- **YOUR ASSIGNMENT**: When the line containing "D0t_entry R r c)." appears in the entries below, begin printing there and stop after the line containing "Up to the unit 1/i, D_0^t"; print each of those lines exactly and no other line.

- **Collected data entries**:
(* Let $\mathcal{R}=\mathbb{C}[\xi_0,\xi_1,\xi_2,\xi_3]$. The sequence of $\mathcal{R}$-modules $\mathcal{R}^3\xleftarrow{D_0(\xi)^t}\mathcal{R}^4\xleftarrow{D_1(\xi)^t}\mathcal{R}^1$ is exact, i.e. $\ker D_0(\xi)^t=\operatorname{Im}D_1(\xi)^t$ in $\mathcal{R}^4$.
   Context: The polynomial matrices are $D_0(\xi)^t=\frac1i\begin{pmatrix}-(\xi_2+i\xi_3)&\xi_0-i\xi_1&0&0\\-(\xi_0+i\xi_1)&-(\xi_2-i\xi_3)&-(\xi_2+i\xi_3)&\xi_0-i\xi_1\\0&0&-(\xi_0+i\xi_1)&-(\xi_2-i\xi_3)\end{pmatrix}$, $D_1(\xi)^t=\frac1i\begin{pmatrix}-\xi_0+i\xi_1\\-\xi_2-i\xi_3\\\xi_2-i\xi_3\\-\xi_0-i\xi_1\end{pmatrix}$, acting on column vectors of polynomials by matrix multiplication (these are the transposed symbols of the 2-Cauchy–Fueter operators, $\partial_{x_j}\mapsto\frac1i\xi_j$). *)

From mathcomp Require Import all_boot all_algebra.
From mathcomp Require Import reals complex.
From mathcomp Require Import mpoly.
Set Implicit Arguments. Unset Strict Implicit. Unset Printing Implicit Defensive.
Import GRing.Theory Num.Theory.
Local Open Scope ring_scope.

Notation Rpoly R := {mpoly (R[i])[4]}.

Definition xi (R : realType) (j : nat) : Rpoly R := 'X_(inord j).

Definition iP (R : realType) : Rpoly R := ('i : R[i])%:MP.

Definition invI (R : realType) : Rpoly R := (('i : R[i])^-1)%:MP.

Definition D0t_entry (R : realType) (r c : nat) : Rpoly R :=
  let x0 := xi R 0 in let x1 := xi R 1 in
  let x2 := xi R 2 in let x3 := xi R 3 in
  let I := iP R in
  match r, c with
  | 0, 0 => - (x2 + I * x3)
  | 0, 1 => x0 - I * x1
  | 1, 0 => - (x0 + I * x1)
  | 1, 1 => - (x2 - I * x3)
  | 1, 2 => - (x2 + I * x3)
  | 1, 3 => x0 - I * x1
  | 2, 2 => - (x0 + I * x1)
  | 2, 3 => - (x2 - I * x3)
  | _, _ => 0
  end.

Definition D0t (R : realType) : 'M[Rpoly R]_(3, 4) :=
  \matrix_(r < 3, c < 4) (invI R * D0t_entry R r c).

Definition D1t_entry (R : realType) (r : nat) : Rpoly R :=
  let x0 := xi R 0 in let x1 := xi R 1 in
  let x2 := xi R 2 in let x3 := xi R 3 in
  let I := iP R in
  match r with
  | 0 => - x0 + I * x1
  | 1 => - x2 - I * x3
  | 2 => x2 - I * x3
  | 3 => - x0 - I * x1
  | _ => 0
  end.

Definition D1t (R : realType) : 'M[Rpoly R]_(4, 1) :=
  \matrix_(r < 4, c < 1) (invI R * D1t_entry R r).

(* Put a = xi0 + i xi1, a' = xi0 - i xi1, b = xi2 + i xi3, b' = xi2 - i xi3.
   Up to the unit 1/i, D_0^t has rows (-b, a', 0, 0), (-a, -b', -b, a'),
   (0, 0, -a, -b') and D_1^t is (a', b, -b', a) up to the unit -1/i.  A linear
   change of variables turns a', b (resp. a, b') into two distinct variables,
   so b is a non-zero-divisor modulo a' and b' one modulo a.  Hence a kernel
   vector has v0 = a' w, v1 = b w, v3 = a u, v2 = -b' u, and the middle row
   gives (a a' + b b') (u - w) = 0, so u = w. *)

From mathcomp Require Import all_boot all_algebra.
From mathcomp Require Import reals complex.
From mathcomp Require Import mpoly.
From mathcomp Require Import ring.
Set Implicit Arguments. Unset Strict Implicit. Unset Printing Implicit Defensive.
Import GRing.Theory Num.Theory.
Local Open Scope ring_scope.

Definition regular_mod {A : comPzRingType} (x y : A) :=
  forall p q, x * p = y * q -> exists r, q = x * r.

Lemma regular_mod_rmorph (A B : comPzRingType) (f : {rmorphism A -> B})
    (g : {rmorphism B -> A}) : cancel f g ->
  forall x y, regular_mod (f x) (f y) -> regular_mod x y.
Proof.
move=> fK x y fxy p q xpyq.
have [r /(congr1 g)] : exists r, f q = f x * r.
  by apply: (fxy (f p)); rewrite -!rmorphM xpyq.
by rewrite fK rmorphM fK => ->; exists (g r).
Qed.

Lemma regular_modX (K : comNzRingType) n (j k : 'I_n) :
  j != k -> regular_mod ('X_j : {mpoly K[n]}) 'X_k.
Proof.
move=> njk p q E.
have qj m : m \in msupp q -> (0 < m j)%N.
  rewrite mcoeff_msupp; apply: contraR; rewrite -eqn0Ngt => /eqP mj0.
  have := mcoeffMX q U_(k) m; rewrite mulrC -E mulrC => <-.
  rewrite mcoeff_eq0 (perm_mem (msuppMX _ _)); apply/mapP => -[m' _ /mnmP/(_ j)].
  rewrite !mnmDE !mnm1E eqxx mj0 eq_sym (negbTE njk) addn0 => /eqP.
  by rewrite add1n.
exists (\sum_(m <- msupp q) q@_m *: 'X_[m - U_(j)]).
rewrite big_distrr /= [LHS]mpolyE !big_seq; apply: eq_bigr => m /qj mj.
rewrite -scalerAr -mpolyXD addmC submK //; apply/mnm_lepP => i.
by rewrite mnm1E; case: eqP => [<-|].
Qed.

Lemma comp_mpolyA (K : comNzRingType) n k l (p : {mpoly K[n]})
    (lq : n.-tuple {mpoly K[k]}) (lr : k.-tuple {mpoly K[l]}) :
  (p \mPo lq) \mPo lr = p \mPo [tuple tnth lq i \mPo lr | i < n].
Proof.
rewrite [p \mPo lq]comp_mpolyEX [RHS]comp_mpolyEX raddf_sum.
apply: eq_bigr => m _ /=; rewrite comp_mpolyZ !comp_mpolyX rmorph_prod.
congr (_ *: _); apply: eq_bigr => i _ /=.
by rewrite rmorphXn tnth_mktuple.
Qed.

Lemma comp_mpolyK (K : comNzRingType) n (lq lr : n.-tuple {mpoly K[n]}) :
  (forall i, tnth lq i \mPo lr = 'X_i) -> cancel (comp_mpoly lq) (comp_mpoly lr).
Proof.
move=> lqK p; rewrite comp_mpolyA -[RHS]comp_mpoly_id; congr (p \mPo _).
by apply: eq_from_tnth => i; rewrite !tnth_mktuple lqK.
Qed.

Lemma mpoly_neq0_meval (K : comNzRingType) n (v : 'I_n -> K) (p : {mpoly K[n]}) :
  p.@[v] != 0 -> p != 0.
Proof. by apply: contra_neq => ->; rewrite meval0. Qed.

Section Shear.
Variable K : comNzRingType.
Local Notation X j := ('X_(inord j) : {mpoly K[4]}).

Definition shear (c : K) : 4.-tuple {mpoly K[4]} :=
  [tuple X 0 + c%:MP * X 1; X 1; X 2 - c%:MP * X 3; X 3].

Lemma comp_shearX c j : (j < 4)%N -> X j \mPo shear c = (shear c)`_j.
Proof. by move=> lt_j4; rewrite comp_mpolyXU inordK. Qed.

Lemma shearK c : cancel (comp_mpoly (shear c)) (comp_mpoly (shear (- c))).
Proof.
apply: comp_mpolyK => i; rewrite (tnth_nth 0) -[in RHS](inord_val i).
case: i => [[|[|[|[|//]]]] lt_i4] /=;
  rewrite ?comp_mpolyD ?comp_mpolyN ?rmorphM /= ?comp_mpolyC !comp_shearX //=;
  by rewrite rmorphN mulNr; ring.
Qed.

Lemma regular_mod_shear c : regular_mod (X 0 - c%:MP * X 1) (X 2 + c%:MP * X 3).
Proof.
apply: (regular_mod_rmorph (shearK c)).
rewrite rmorphB rmorphD !rmorphM /= !comp_mpolyC !comp_shearX //=.
rewrite addrK subrK; apply: regular_modX.
by rewrite -(inj_eq val_inj) /= !inordK.
Qed.

End Shear.

Section CFMatrices.
Variable A : comPzRingType.
Variables a a' b b' : A.

Definition cf0 : 'M[A]_(3, 4) := \matrix_(r < 3, c < 4)
  match val r, val c with
  | 0, 0 => - b | 0, 1 => a'
  | 1, 0 => - a | 1, 1 => - b' | 1, 2 => - b | 1, 3 => a'
  | 2, 2 => - a | 2, 3 => - b'
  | _, _ => 0
  end.

Definition cf1 : 'cV[A]_4 := \col_(r < 4)
  match val r with 0 => a' | 1 => b | 2 => - b' | _ => a end.

Lemma cf_complex : cf0 *m cf1 = 0.
Proof.
apply/matrixP => r c; rewrite !mxE !big_ord_recl big_ord0 !mxE /=.
by case: r => [[|[|[|//]]] ?] /=; ring.
Qed.

End CFMatrices.

Section CFExact.
Variable A : idomainType.
Variables a a' b b' : A.
Hypotheses (reg_a'b : regular_mod a' b) (reg_ab' : regular_mod a b').
Hypotheses (a_neq0 : a != 0) (a'_neq0 : a' != 0) (nondeg : a * a' + b * b' != 0).

Lemma cf_kernel_entries v0 v1 v2 v3 :
    - b * v0 + a' * v1 = 0 ->
    - a * v0 + (- b' * v1 + (- b * v2 + a' * v3)) = 0 ->
    - a * v2 + - b' * v3 = 0 ->
  exists w, [/\ v0 = a' * w, v1 = b * w, v2 = - b' * w & v3 = a * w].
Proof.
move=> e0 e1 e2.
have e0' : a' * v1 = b * v0 by apply: subr0_eq; rewrite -e0; ring.
have [w v0E] := reg_a'b e0'.
have v1E : v1 = b * w by apply: (mulfI a'_neq0); rewrite e0' v0E mulrCA.
have e2' : a * - v2 = b' * v3 by apply: subr0_eq; rewrite -e2; ring.
have [u v3E] := reg_ab' e2'.
have v2E : v2 = - b' * u.
  by apply: (mulfI a_neq0); rewrite -[v2]opprK mulrN e2' v3E; ring.
have uw : u = w.
  by apply/subr0_eq/(mulfI nondeg); rewrite mulr0 -e1 v0E v1E v2E v3E; ring.
by exists w; rewrite v2E v3E uw; split.
Qed.

Lemma cf_exact (v : 'cV[A]_4) :
  cf0 a a' b b' *m v = 0 -> exists w, v = w *: cf1 a a' b b'.
Proof.
move=> /matrixP E.
have := E 0 0; have := E 1 0; have := E 2 0.
rewrite !mxE !big_ord_recl !big_ord0 !mxE /= !(mul0r, add0r, addr0) => e2 e1 e0.
have [w [v0E v1E v2E v3E]] := cf_kernel_entries e0 e1 e2.
exists w; apply/matrixP => r c; rewrite ord1 !mxE mulrC.
by case: r => [[|[|[|[|//]]]] ?] /=;
  rewrite -?v0E -?v1E -?v2E -?v3E; congr (v _ 0); apply: val_inj.
Qed.

End CFExact.

Section CauchyFueter.
Variable R : realType.
Local Notation a := (xi R 0 + iP R * xi R 1).
Local Notation a' := (xi R 0 - iP R * xi R 1).
Local Notation b := (xi R 2 + iP R * xi R 3).
Local Notation b' := (xi R 2 - iP R * xi R 3).

Lemma D0t_cf : D0t R = invI R *: cf0 a a' b b'.
Proof.
apply/matrixP => r c; rewrite !mxE.
by case: r => [[|[|[|//]]] ?]; case: c => [[|[|[|[|//]]]] ?].
Qed.

Lemma D1t_cf : D1t R = - invI R *: cf1 a a' b b'.
Proof. by apply/matrixP => r c; rewrite !mxE; case: r => [[|[|[|[|//]]]] ?] /=; ring. Qed.

Lemma iP_invI : iP R * invI R = 1.
Proof. by rewrite -rmorphM /= mulfV ?neq0Ci. Qed.

Lemma regular_mod_a'b : regular_mod a' b.
Proof. exact: regular_mod_shear. Qed.

Lemma regular_mod_ab' : regular_mod a b'.
Proof. by have := @regular_mod_shear _ (- ('i : R[i])); rewrite mpolyCN !mulNr opprK. Qed.

(* Evaluation at (1, 0, 0, 0), where a, a' and a a' + b b' all equal 1. *)
Let e0 (j : 'I_4) : R[i] := (j == 0 :> nat)%:R.

Lemma meval_xi j : (j < 4)%N -> (xi R j).@[e0] = (j == 0%N)%:R.
Proof. by move=> lt_j4; rewrite mevalXU /e0 inordK. Qed.

Lemma cf_nondegenerate : [/\ a != 0, a' != 0 & a * a' + b * b' != 0].
Proof.
split; apply: (@mpoly_neq0_meval _ _ e0);
  rewrite !(mevalD, mevalN, mevalM, mevalC) !meval_xi //= mulr0;
  by rewrite ?(oppr0, addr0, mul0r, mulr1) pnatr_eq0.
Qed.

Lemma D0t_kernel (v : 'cV[Rpoly R]_4) :
  D0t R *m v = 0 <-> cf0 a a' b b' *m v = 0.
Proof.
rewrite D0t_cf -scalemxAl; split=> [kerv | ->]; last by rewrite scaler0.
by rewrite -[LHS]scale1r -iP_invI -scalerA kerv scaler0.
Qed.

Lemma D1t_image (w : Rpoly R) :
  w *: cf1 a a' b b' = D1t R *m const_mx (- iP R * w).
Proof.
apply/matrixP => r c; rewrite D1t_cf !mxE big_ord1 !mxE.
by rewrite -[LHS]mul1r -iP_invI; ring.
Qed.

End CauchyFueter.

Theorem proposition3p3 (R : realType) (v : 'cV[Rpoly R]_4) :
  D0t R *m v = 0 <-> exists w : 'cV[Rpoly R]_1, v = D1t R *m w.
Proof.
have [a_neq0 a'_neq0 nondeg] := cf_nondegenerate R.
have kerP :=
  cf_exact (@regular_mod_a'b R) (@regular_mod_ab' R) a_neq0 a'_neq0 nondeg.
rewrite D0t_kernel; split=> [/kerP[w ->] | [w ->]].
  by exists (const_mx (- iP R * w)); rewrite D1t_image.
by rewrite D1t_cf mulmxA -scalemxAr cf_complex scaler0 mul0mx.
Qed.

- **ANSWER TO THE PROBLEM**:
  \matrix_(r < 3, c < 4) (invI R * D0t_entry R r c).

Definition D1t_entry (R : realType) (r : nat) : Rpoly R :=
  let x0 := xi R 0 in let x1 := xi R 1 in
  let x2 := xi R 2 in let x3 := xi R 3 in
  let I := iP R in
  match r with
  | 0 => - x0 + I * x1
  | 1 => - x2 - I * x3
  | 2 => x2 - I * x3
  | 3 => - x0 - I * x1
  | _ => 0
  end.

Definition D1t (R : realType) : 'M[Rpoly R]_(4, 1) :=
  \matrix_(r < 4, c < 1) (invI R * D1t_entry R r).

(* Put a = xi0 + i xi1, a' = xi0 - i xi1, b = xi2 + i xi3, b' = xi2 - i xi3.
   Up to the unit 1/i, D_0^t has rows (-b, a', 0, 0), (-a, -b', -b, a'),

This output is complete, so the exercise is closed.